Cost Control: GPU instances in the cloud are expensive. A self-hosted cluster of 4-8 RTX 4090 or A6000 GPUs can handle most training workloads at a fraction of the ongoing cloud cost. For teams running continuous training pipelines, the payback period is often under 6 months.

Data Sovereignty: Training datasets often contain sensitive information — proprietary business data, customer records, or regulated content. Self-hosted training keeps data within your network perimeter, eliminating transfer costs and compliance risks.

No Queue Times: Cloud GPU availability fluctuates, especially for high-end GPUs like A100/H100. Self-hosted clusters provide immediate access without waiting in provider queues or dealing with capacity constraints during peak demand.

Custom Hardware: Self-hosted clusters let you mix GPU generations, use consumer GPUs (which cloud providers rarely offer), and optimize cooling and power for your specific workload patterns.

For related infrastructure topics, see our distributed file systems comparison for storage backends and our distributed task scheduling guide for scheduling training jobs across the cluster.

FAQ

What is the main difference between data parallelism and model parallelism?

Data parallelism replicates the full model on each GPU and splits the input data across workers. Each GPU computes gradients on its batch, then gradients are averaged. Model parallelism splits the model itself across GPUs — each GPU holds only a portion of the model’s layers. Horovod uses data parallelism, DeepSpeed supports both, and FSDP uses sharded data parallelism (a hybrid that shards parameters across data-parallel workers).

Can I mix Horovod, DeepSpeed, and FSDP in the same project?

Technically no — they each wrap the training loop differently. However, you can use them in different experiments or projects. Some teams use Horovod for TensorFlow workloads and DeepSpeed or FSDP for PyTorch workloads.

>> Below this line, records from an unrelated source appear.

Lemma ns_dist_ge0 x y : 0 <= ns_dist x y.
Proof. apply ns_norm_ge0. Qed.

Lemma ns_dist_triangle x y z : ns_dist x z <= ns_dist x y + ns_dist y z.
Proof.
  unfold ns_dist.
  replace (ns_sub x z) with (ns_add (ns_sub x y) (ns_sub y z)) by
    (unfold ns_sub; rewrite ns_addA, <- (ns_addA _ x (ns_opp y) y), ns_addN, ns_addr0;
     reflexivity).
  apply ns_normD.
Qed.

Lemma ns_dist_eq0 x y : ns_dist x y = 0 -> x = y.
Proof.
  intros H. apply ns_norm_eq0 in H. unfold ns_sub in H.
  rewrite <- (ns_addr0 x), <- (ns_addN _ y), ns_addA, H. apply ns_add0.
Qed.

Lemma ns_dist0r x : ns_dist x ns_zero = ns_norm x.
Proof.
  unfold ns_dist, ns_sub. rewrite ns_oppE, <- (ns_scal0 ns_zero) at 1.
  rewrite ns_scalA, Rmult_0_r, ns_scal0, ns_addr0. reflexivity.
Qed.

Lemma ns_norm_le_dist a b : ns_norm a <= ns_norm b + ns_dist a b.
Proof. rewrite <- !ns_dist0r, Rplus_comm. apply ns_dist_triangle. Qed.

Lemma ns_dist_addl u a : ns_dist (ns_add u a) u = ns_norm a.
Proof.
  unfold ns_dist, ns_sub.
  rewrite <- ns_addA, (ns_addC _ a), ns_addA, ns_addrN, ns_add0. reflexivity.
Qed.

Lemma seq_lim_dist_le {s : nat -> X} {l x0 rho} :
  seq_lim s l -> (forall n, ns_dist (s n) x0 <= rho) -> ns_dist l x0 <= rho.
Proof.
  intros Hl Hb. apply Rle_plus_epsilon. intros e He.
  destruct (Hl e He) as [N HN]. specialize (HN N (le_n N)).
  pose proof (ns_dist_triangle l (s N) x0). rewrite ns_distC in HN.
  specialize (Hb N). lra.
Qed.

Definition direction w v : X := ns_scal (- / ns_dist w v) (ns_sub w v).

Lemma ns_norm_direction w v : 0 < ns_dist w v -> ns_norm (direction w v) = 1.
Proof.
  intros Hn. unfold direction. rewrite ns_normZ. fold (ns_dist w v).
  rewrite Rabs_Ropp, Rabs_pos_eq by (left; apply Rinv_0_lt_compat; exact Hn).
  field. lra.
Qed.

Lemma ns_dist_step_toward w v a t : 0 <= t <= ns_dist w v -> 0 < ns_dist w v ->
  ns_dist (ns_add w (ns_scal t a)) v <= ns_dist w v - t + t * ns_dist a (direction w v).
Proof.
  intros [Ht0 Htn] Hn. set (n := ns_dist w v) in *.
  assert (Hsplit : ns_sub (ns_add w (ns_scal t a)) v =
    ns_add (ns_scal (1 - t / n) (ns_sub w v)) (ns_scal t (ns_sub a (direction w v)))).
  { unfold direction, ns_sub at 3. fold n.
    rewrite ns_scalDr, ns_oppE, !ns_scalA.
    rewrite (ns_addC _ (ns_scal t a)), ns_addA, <- ns_scalDl.
    replace (1 - t / n + t * -1 * - / n) with 1 by (field; lra).
    rewrite ns_scal1. unfold ns_sub.
    rewrite <- ns_addA, (ns_addC _ (ns_scal t a)), ns_addA. reflexivity. }
  assert (Hratio : t / n <= 1) by (apply (Rmult_le_reg_r n); auto; field_simplify; lra).
  unfold ns_dist at 1. rewrite Hsplit.
  eapply Rle_trans; [apply ns_normD|].
  rewrite !ns_normZ_nonneg by lra. fold n.
  change (ns_norm (ns_sub w v)) with n. change (ns_norm (ns_sub a (direction w v))) with (ns_dist a (direction w v)).
  right. field. lra.
Qed.

End NormedSpaceFacts.

Lemma exists_inv_INR_succ_lt e : 0 < e -> exists N, / (INR N + 1) < e.
Proof.
  intros He. destruct (archimed_cor1 e He) as [N [HN HN0]].
  exists N. apply Rle_lt_trans with (/ INR N); auto.
  apply Rinv_le_contravar; [apply lt_0_INR; exact HN0 | lra].
Qed.

Lemma Rmult_le_of_le_div a b t : 0 < b -> t <= a / b -> t * b <= a.
Proof.
  intros Hb Ht. replace a with (a / b * b) by (field; lra).
  apply Rmult_le_compat_r; lra.
Qed.

Lemma Rle_plus_mul_epsilon a b k :
  0 <= k -> (forall e, 0 < e -> a <= b + k * e) -> a <= b.
Proof.
  intros Hk H. apply Rle_plus_epsilon. intros e He.
  assert (Hke : k * (e / (k + 1)) <= e).
  { apply (Rmult_le_reg_r (k + 1)); [lra|].
    replace (k * (e / (k + 1)) * (k + 1)) with (k * e) by (field; lra). nra. }
  pose proof (H (e / (k + 1)) ltac:(apply Rdiv_lt_0_compat; lra)). lra.
Qed.

Section Ekeland.

Variables (P : Type) (D : P -> P -> R) (G : P -> Prop) (f : P -> R) (K r : R).
Hypothesis D_sym : forall p q, D p q = D q p.
Hypothesis D_triangle : forall p q s, D p s <= D p q + D q s.
Hypothesis D_xx : forall p, D p p = 0.
Hypothesis D_ge0 : forall p q, 0 <= D p q.
Hypothesis G_complete : forall s : nat -> P, (forall n, G (s n)) ->
  (forall e, 0 < e -> exists N, forall m n, (N <= m)%nat -> (N <= n)%nat -> D (s m) (s n) < e) ->
  exists l, G l /\ forall e, 0 < e -> exists N, forall n, (N <= n)%nat -> D (s n) l < e.
Hypothesis f_ge0 : forall p, 0 <= f p.
Hypothesis K_ge0 : 0 <= K.
Hypothesis f_lipschitz : forall p q, f p - f q <= K * D p q.
Hypothesis r_gt0 : 0 < r.

Definition ekeland_set (p q : P) : Prop := G q /\ f q + r * D q p <= f p.

Lemma ekeland_set_refl p : G p -> ekeland_set p p.
Proof. intros Gp. split; auto. rewrite D_xx. lra. Qed.

Lemma ekeland_set_trans {p q s} : ekeland_set p q -> ekeland_set q s -> ekeland_set p s.
Proof.
  intros [Gq Hq] [Gs Hs]. split; auto. pose proof (D_triangle s q p). nra.
Qed.

Lemma ekeland_set_near_inf p n : exists q, G p ->
  ekeland_set p q /\ forall q', ekeland_set p q' -> f q - / (INR n + 1) <= f q'.
Proof.
  destruct (classic (G p)) as [Gp|nGp]; [|exists p; tauto].
  set (E := fun a => exists q, ekeland_set p q /\ a = - f q).
  assert (Hb : bound E).
  { exists 0. intros a [q [_ ->]]. pose proof (f_ge0 q). lra. }
  assert (Hne : exists a, E a) by (exists (- f p); exists p; split; auto using ekeland_set_refl).
  destruct (completeness E Hb Hne) as [m [Hub Hlub]].
  pose proof (RinvN_pos n) as Hen.
  destruct (classic (exists q, ekeland_set p q /\ m - / (INR n + 1) < - f q))
    as [[q [Sq Hq]]|Hno].
  - exists q. intros _. split; auto. intros q' Sq'.
    assert (Hq' : E (- f q')) by (exists q'; auto). pose proof (Hub _ Hq'). lra.
  - exfalso. assert (Hup : is_upper_bound E (m - / (INR n + 1))).
    { intros a [q [Sq ->]]. apply Rnot_lt_le. intros Hlt. apply Hno. exists q. auto. }
    pose proof (Hlub _ Hup). lra.
Qed.

Definition ekeland_next (p : P) (n : nat) : P :=
  proj1_sig (constructive_indefinite_description _ (ekeland_set_near_inf p n)).

Lemma ekeland_nextP p n : G p ->
  ekeland_set p (ekeland_next p n) /\
  forall q, ekeland_set p q -> f (ekeland_next p n) - / (INR n + 1) <= f q.
Proof. exact (proj2_sig (constructive_indefinite_description _ (ekeland_set_near_inf p n))). Qed.

Variables (p0 : P).
Hypothesis G_p0 : G p0.

Fixpoint ekeland_seq (n : nat) : P :=
  match n with O => p0 | S k => ekeland_next (ekeland_seq k) k end.

Lemma ekeland_seq_G n : G (ekeland_seq n).
Proof. induction n; simpl; [exact G_p0 | apply (ekeland_nextP _ _ IHn)]. Qed.

Lemma ekeland_seq_mono {m n} : (m <= n)%nat -> ekeland_set (ekeland_seq m) (ekeland_seq n).
Proof.
  induction 1; [apply ekeland_set_refl, ekeland_seq_G|].
  eapply ekeland_set_trans; [eassumption|]. apply (ekeland_nextP _ _ (ekeland_seq_G m0)).
Qed.

Lemma ekeland_set_radius {N q} :
  ekeland_set (ekeland_seq (S N)) q -> r * D q (ekeland_seq (S N)) <= / (INR N + 1).
Proof.
  intros Sq. destruct (ekeland_nextP _ N (ekeland_seq_G N)) as [SN Hmin].
  pose proof (Hmin q (ekeland_set_trans SN Sq)). destruct Sq as [_ Hq]. simpl in *. lra.
Qed.

Lemma ekeland_set_diam {N q q'} :
  ekeland_set (ekeland_seq (S N)) q -> ekeland_set (ekeland_seq (S N)) q' ->
  r * D q q' <= 2 * / (INR N + 1).
Proof.
  intros Sq Sq'. pose proof (ekeland_set_radius Sq). pose proof (ekeland_set_radius Sq').
  pose proof (D_triangle q (ekeland_seq (S N)) q') as Htri.
  rewrite (D_sym (ekeland_seq (S N)) q') in Htri.
  apply Rle_trans with (r * (D q (ekeland_seq (S N)) + D q' (ekeland_seq (S N)))); [|lra].
  apply Rmult_le_compat_l; lra.
Qed.

Lemma ekeland_seq_cauchy e : 0 < e -> exists N, forall m n, (N <= m)%nat -> (N <= n)%nat ->
  D (ekeland_seq m) (ekeland_seq n) < e.
Proof.
  intros He. destruct (exists_inv_INR_succ_lt (e * r / 2)) as [N HN]; [nra|].
  exists (S N). intros m n Hm Hn.
  pose proof (ekeland_set_diam (ekeland_seq_mono Hm) (ekeland_seq_mono Hn)).
  apply (Rmult_lt_reg_l r); lra.
Qed.

Lemma ekeland_set_limit {l} : (forall e, 0 < e -> exists N, forall n, (N <= n)%nat ->
  D (ekeland_seq n) l < e) -> G l -> forall n, ekeland_set (ekeland_seq n) l.
Proof.
  intros Hl Gl n. split; auto. apply (Rle_plus_mul_epsilon _ _ (K + r)); [lra|].
  intros e He. destruct (Hl e He) as [N HN].
  set (m := Nat.max n N). specialize (HN m (Nat.le_max_r _ _)).
  destruct (ekeland_seq_mono (Nat.le_max_l n N)) as [_ Hm]. fold m in Hm.
  pose proof (f_lipschitz l (ekeland_seq m)).
  pose proof (D_triangle l (ekeland_seq m) (ekeland_seq n)).
  rewrite (D_sym l (ekeland_seq m)) in *. nra.
Qed.

Theorem ekeland : exists ps, G ps /\ f ps + r * D ps p0 <= f p0 /\
  forall q, G q -> f ps <= f q + r * D q ps.
Proof.
  destruct (G_complete ekeland_seq ekeland_seq_G ekeland_seq_cauchy) as [l [Gl Hl]].
  pose proof (ekeland_set_limit Hl Gl) as Sl.
  exists l. split; [exact Gl|]. split; [exact (proj2 (Sl O))|].
  intros q Gq. apply Rnot_lt_le. intros Hlt.
  assert (Sq : forall n, ekeland_set (ekeland_seq n) q)
    by (intros n; apply (ekeland_set_trans (Sl n)); split; [exact Gq | lra]).
  (* [q] and [l] lie in every set of the shrinking nested family, so they coincide. *)
  assert (Hql : D q l <= 0).
  { apply Rle_plus_epsilon. intros e He.
    destruct (exists_inv_INR_succ_lt (e * r / 2)) as [N HN]; [nra|].
    pose proof (ekeland_set_diam (Sq (S N)) (Sl (S N))).
    assert (Hre : r * D q l < r * e) by lra.
    apply Rmult_lt_reg_l in Hre; lra. }
  pose proof (f_lipschitz l q) as Hlip. rewrite (D_sym l q) in Hlip.
  pose proof (D_ge0 q l). nra.
Qed.
(* (R1) attains its minimum: its feasible set is closed, nonempty by
   Assumption 1(i), and bounded by feasR1_bounded. *)
Lemma R1_minimizer :
  (exists x, feasP a b xi x) ->
  (exists y : 'I_m -> R, (forall i, 0 <= y i) /\ 0 < \sum_i y i * xi i) ->
  exists x w, feasR1 a b xi x w /\
    forall x' w', feasR1 a b xi x' w' -> objR1 D c x w <= objR1 D c x' w'.
Proof.
move=> [x0 feas_x0] [y [y_ge0 y_pos]].
have [W W_bound] := feasR1_bounded y_ge0 y_pos.
pose K := [set z | feasR1 a b xi (rv_x z) (rv_w z)].
have K_pack x w : feasR1 a b xi x w -> K (rv_pack x w).
  by rewrite /K /= rv_x_pack rv_w_pack.
have K0 : K !=set0 by exists (rv_pack x0 (\sum_j x0 j ^+ 2)); apply: K_pack.
have K_closed : closed K.
  have -> : K = \bigcap_(i in setT) [set z | lhsR1 i (rv_x z) (rv_w z) <= b i]
                `&` [set z | \sum_j rv_x z j ^+ 2 - rv_w z <= 0].
    apply/seteqP; split => z /=; rewrite subr_le0 => -[lin_ok norm_ok].
      by split=> // i _; exact: lin_ok.
    by split=> // i; exact: lin_ok.
  apply: closedI; [apply: closed_bigI => i _|];
    apply: closed_sublevel; coordinate_continuity.
have K_box : K `<=` [set z | forall k, `[- (1 + W), 1 + W]%classic (z ord0 k)].
  move=> z [lin_ok norm_ok] k /=; rewrite in_itv /= -ler_norml.
  have w_le := W_bound _ _ (conj lin_ok norm_ok).
  have norm_ge0 : 0 <= \sum_j rv_x z j ^+ 2 by rewrite sumr_ge0 // => j _; exact: sqr_ge0.
  case: (split_ordP k) => j ->; last by rewrite [j]ord1 -/(rv_w z) ger0_norm; lra.
  have xj_le : rv_x z j ^+ 2 <= \sum_k rv_x z k ^+ 2.
    by rewrite (bigD1 j) //= lerDl sumr_ge0 // => i _; exact: sqr_ge0.
  by rewrite -/(rv_x z j); have := norm_le_1_sqr (rv_x z j); lra.
have K_compact : compact K.
  apply: (subclosed_compact K_closed _ K_box).
  exact: (@rV_compact _ _ (fun=> `[- (1 + W), 1 + W]%classic) (fun=> @segment_compact _ _ _)).
have obj_cont : continuous (fun z => objR1 D c (rv_x z) (rv_w z)).
  by coordinate_continuity.
have [z Kz z_min] := EVT_min_rV K0 K_compact (continuous_subspaceT obj_cont).
exists (rv_x z), (rv_w z); split; first by rewrite inE in Kz.
move=> x' w' feas'; have := z_min (rv_pack x' w').
by rewrite inE rv_x_pack rv_w_pack; apply; exact: K_pack.
Qed.

Definition dobjR1 (x y : 'I_n.+1 -> R) (v : R) : R :=
  d1star D * v + 2 * \sum_j ((D j - d1star D) * x j + c j) * y j.

Lemma dobjR1_shift x y y' v v' t :
  dobjR1 x (fun j => y j + t * y' j) (v + t * v') =
  dobjR1 x y v + t * dobjR1 x y' v'.
Proof. by rewrite /dobjR1 sum_axpy; ring. Qed.

Lemma lhsR1_shift i x y w v t :
  lhsR1 i (fun j => x j + t * y j) (w + t * v) = lhsR1 i x w + t * lhsR1 i y v.
Proof. by rewrite /lhsR1 sum_axpy; ring. Qed.

Lemma sqnorm_shift (x y : 'I_n.+1 -> R) w v t :
  \sum_j (x j + t * y j) ^+ 2 - (w + t * v) =
  (\sum_j x j ^+ 2 - w) + t * (2 * \sum_j x j * y j - v + t * \sum_j y j ^+ 2).
Proof.
have -> : \sum_j (x j + t * y j) ^+ 2 =
    \sum_j x j ^+ 2 + t * (2 * \sum_j x j * y j + t * \sum_j y j ^+ 2).
  by rewrite mulrDr !mulrA !mulr_sumr -!big_split; apply: eq_bigr => j _ /=; ring.
by ring.
Qed.

Lemma objR1_shift x y w v t :
  objR1 D c (fun j => x j + t * y j) (w + t * v) =
  objR1 D c x w + t * (dobjR1 x y v + t * \sum_j (D j - d1star D) * y j ^+ 2).
Proof.
rewrite /objR1 /dobjR1 sum_sq_axpy sum_axpy.
have -> : \sum_j ((D j - d1star D) * x j + c j) * y j =
    \sum_j (D j - d1star D) * x j * y j + \sum_j c j * y j.
  by rewrite -big_split; apply: eq_bigr => j _ /=; ring.
by ring.
Qed.

(* First-order optimality at a minimizer of (R1) where |x|^2 < w: any
   direction (y, v) satisfying the linearized constraints, in which the slack
   s_i of each constraint is weighted by some tau >= 0, is not a descent
   direction.  Otherwise a small step along it stays feasible and lowers the
   objective. *)
Lemma no_descent x w y v (tau : R) :
  feasR1 a b xi x w ->
  (forall x' w', feasR1 a b xi x' w' -> objR1 D c x w <= objR1 D c x' w') ->
  \sum_j x j ^+ 2 < w -> 0 <= tau ->
  (forall i, lhsR1 i y v <= (b i - lhsR1 i x w) * tau) ->
  0 <= dobjR1 x y v.
Proof.
move=> [lin_ok _] x_min slack tau_ge0 dir_ok.
rewrite leNgt; apply/negP => descent.
have [t1 t1_pos obj_down] :=
  small_step (\sum_j (D j - d1star D) * y j ^+ 2) 0 descent.
have [t2 t2_pos norm_down] := small_step (2 * \sum_j x j * y j - v)
  (\sum_j y j ^+ 2) (ltac:(by rewrite subr_lt0) : \sum_j x j ^+ 2 - w < 0).
have [t3 t3_pos tau_small] := small_step tau 0 (ltrN10 R).
pose t := Num.min t1 (Num.min t2 t3).
have t_pos : 0 < t by rewrite !lt_min t1_pos t2_pos t3_pos.
have [t_t1 t_t2 t_t3] : [/\ t <= t1, t <= t2 & t <= t3].
  by rewrite !ge_min !lexx !orbT.
have t_in t0 : t <= t0 -> 0 < t <= t0 by move=> ->; rewrite t_pos.
have feas' : feasR1 a b xi (fun j => x j + t * y j) (w + t * v).
  split=> [i|].
    have := tau_small t (t_in _ t_t3); rewrite mulr0 addr0 => t_tau.
    have s_ge0 : 0 <= b i - lhsR1 i x w by rewrite subr_ge0; exact: lin_ok.
    have step_le : t * lhsR1 i y v <= t * ((b i - lhsR1 i x w) * tau).
      by rewrite (ler_pM2l t_pos); exact: dir_ok.
    have slack_le : (b i - lhsR1 i x w) * (t * tau) <= (b i - lhsR1 i x w).
      by apply: ler_piMr => //; lra.
    rewrite -[_ <= _]/(lhsR1 i _ _ <= b i) lhsR1_shift; nra.
  by have := norm_down t (t_in _ t_t2); rewrite -sqnorm_shift subr_lt0 => /ltW.
have := x_min _ _ feas'; rewrite objR1_shift lerDl.
have := obj_down t (t_in _ t_t1); rewrite mulr0 addr0 => neg.
by rewrite leNgt pmulr_rlt0 ?neg.
Qed.

(* Lagrange stationarity: at a minimizer of (R1) with |x|^2 < w, Farkas'
   lemma applied to the directions of no_descent, written in the variables
   ((y, v), tau), gives multipliers mu >= 0 with
   - dobjR1 x y v = sum_i mu_i lhsR1 i y v for every direction (y, v). *)
Lemma lagrange_multipliers x w :
  feasR1 a b xi x w ->
  (forall x' w', feasR1 a b xi x' w' -> objR1 D c x w <= objR1 D c x' w') ->
  \sum_j x j ^+ 2 < w ->
  exists mu : nat -> R, (forall i, 0 <= mu i) /\
    forall y v, - dobjR1 x y v = \sum_(i < m) mu i * lhsR1 i y v.
Proof.
move=> feas x_min slack.
pose V := ((('I_n.+1 -> R) * R) * R)%type.
pose s i := b i - lhsR1 i x w.
(* the constraints lhsR1 i y v - s_i tau <= 0 on directions, then - tau <= 0 *)
pose A k (p : V) :=
  if insub k is Some i then lhsR1 i p.1.1 p.1.2 - s i * p.2 else - p.2.
pose C (p : V) := - dobjR1 x p.1.1 p.1.2.
have shift_y (u u' : V) t : (u + t *: u').1.1 = (fun j => u.1.1 j + t * u'.1.1 j).
  by [].
have shift_v (u u' : V) t : (u + t *: u').1.2 = u.1.2 + t * u'.1.2 by [].
have shift_tau (u u' : V) t : (u + t *: u').2 = u.2 + t * u'.2 by [].
have lin_A k : lin_form (A k).
  move=> u u' t; rewrite /A shift_y shift_v shift_tau.
  by case: insub => [i|]; rewrite ?lhsR1_shift; ring.
have lin_C : lin_form C.
  by move=> u u' t; rewrite /C shift_y shift_v dobjR1_shift; ring.
have A_last p : A m p = - p.2 by rewrite /A insubN ?ltnn.
have A_val (i : 'I_m) p : A i p = lhsR1 i p.1.1 p.1.2 - s i * p.2.
  by rewrite /A valK.
have dir p : (forall k, (k < m.+1)%N -> A k p <= 0) -> C p <= 0.
  case: p => [[y v] tau] Hp; rewrite /C oppr_le0.
  have tau_ge0 : 0 <= tau by rewrite -oppr_le0 -(A_last ((y, v), tau)) Hp.
  apply: (no_descent feas x_min slack tau_ge0) => i.
  by move: (Hp i (ltnW (ltn_ord i))); rewrite A_val subr_le0 [s i * _]mulrC.
have [mu [mu_ge0 mu_eq]] := farkas lin_A lin_C dir.
exists mu; split=> // y v.
rewrite [LHS](mu_eq ((y, v), 0)) big_ord_recr /= A_last oppr0 mulr0 addr0.
by apply: eq_bigr => i _; rewrite A_val mulr0 subr0.
Qed.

Does FSDP replace DeepSpeed?

Not entirely. FSDP provides similar functionality to DeepSpeed’s ZeRO-3 for parameter sharding. However, DeepSpeed offers additional features like ZeRO-Infinity (NVMe offloading), 3D parallelism (tensor + pipeline parallelism), and advanced communication compression that FSDP does not yet implement. For most use cases under 10B parameters, FSDP is sufficient.

How many GPUs do I need before distributed training becomes worthwhile?

Distributed training overhead becomes beneficial at 2+ GPUs for models that take more than a few hours to train on a single GPU. For smaller models, the communication overhead may outweigh the parallelism benefit. As a rule of thumb: if single-GPU training takes more than 4 hours, distributed training will likely speed things up.

What network bandwidth do I need for multi-node distributed training?

Ring-allreduce communication is bandwidth-intensive. For efficient multi-node training, you should have at least 10 Gbps Ethernet (25 Gbps recommended). InfiniBand (100+ Gbps) provides the best scaling for large clusters. Horovod’s gradient compression and DeepSpeed’s communication compression can reduce bandwidth requirements significantly.

Can I run distributed training without NVIDIA GPUs?

Horovod supports AMD GPUs via RCCL (ROCm Collective Communications Library). DeepSpeed and FSDP currently require NVIDIA GPUs due to their reliance on CUDA and NCCL. For AMD-based clusters, Horovod is the best choice.

How do I monitor distributed training performance across multiple nodes?

Use our GPU monitoring tools to track per-GPU utilization. Combine with distributed logging (each worker logs to a shared backend) and metrics collection (Prometheus + Grafana) for a complete view of cluster-wide training performance.